___ Dataset extract ___
(* Let $\mathbb{C}$ be a regular category such that for any three effective equivalence relations $\alpha,\beta,\gamma$ on any object $X$ of $\mathbb{C}$ we have $\alpha\cap(\beta\circ\gamma)=(\alpha\cap\beta)\circ(\alpha\cap\gamma)$. Then $\mathbb{C}$ is a majority category.
   Context: A category is regular if it has finite limits and coequalizers of kernel pairs and regular epimorphisms are pullback-stable; morphisms factor as regular epi followed by mono. Relations are subobjects of products; an equivalence relation on $X$ is effective if it is the kernel pair of some morphism out of $X$; $\cap$ denotes intersection (pullback) of subobjects. For $w:S\to W$ and a subobject $A$ of $W$, $w\in_S A$ means $w$ factors through a representative of $A$. The composite $R\circ S$ of relations represented by $(r_1,r_2):R_0\to X\times Y$ and $(s_1,s_2):S_0\to Y\times Z$ is the image of $(r_1p_1,s_2p_2):P\to X\times Z$, $(P,p_1,p_2)$ the pullback of $s_1$ along $r_2$. A ternary relation $R\leqslant X\times Y\times Z$ is majority-selecting if for all $S$ and $x,x':S\to X$, $y,y':S\to Y$, $z,z':S\to Z$: $(x,y,z')\in_S R$, $(x,y',z)\in_S R$, $(x',y,z)\in_S R$ imply $(x,y,z)\in_S R$. A category with products is a majority category if all its ternary relations are majority-selecting. *)

Set Implicit Arguments.
Unset Strict Implicit.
___
### Your goal
Every line of the data that includes the word "Implicit" should be copied.

### Solution to this exercise
Set Implicit Arguments.
Unset Strict Implicit.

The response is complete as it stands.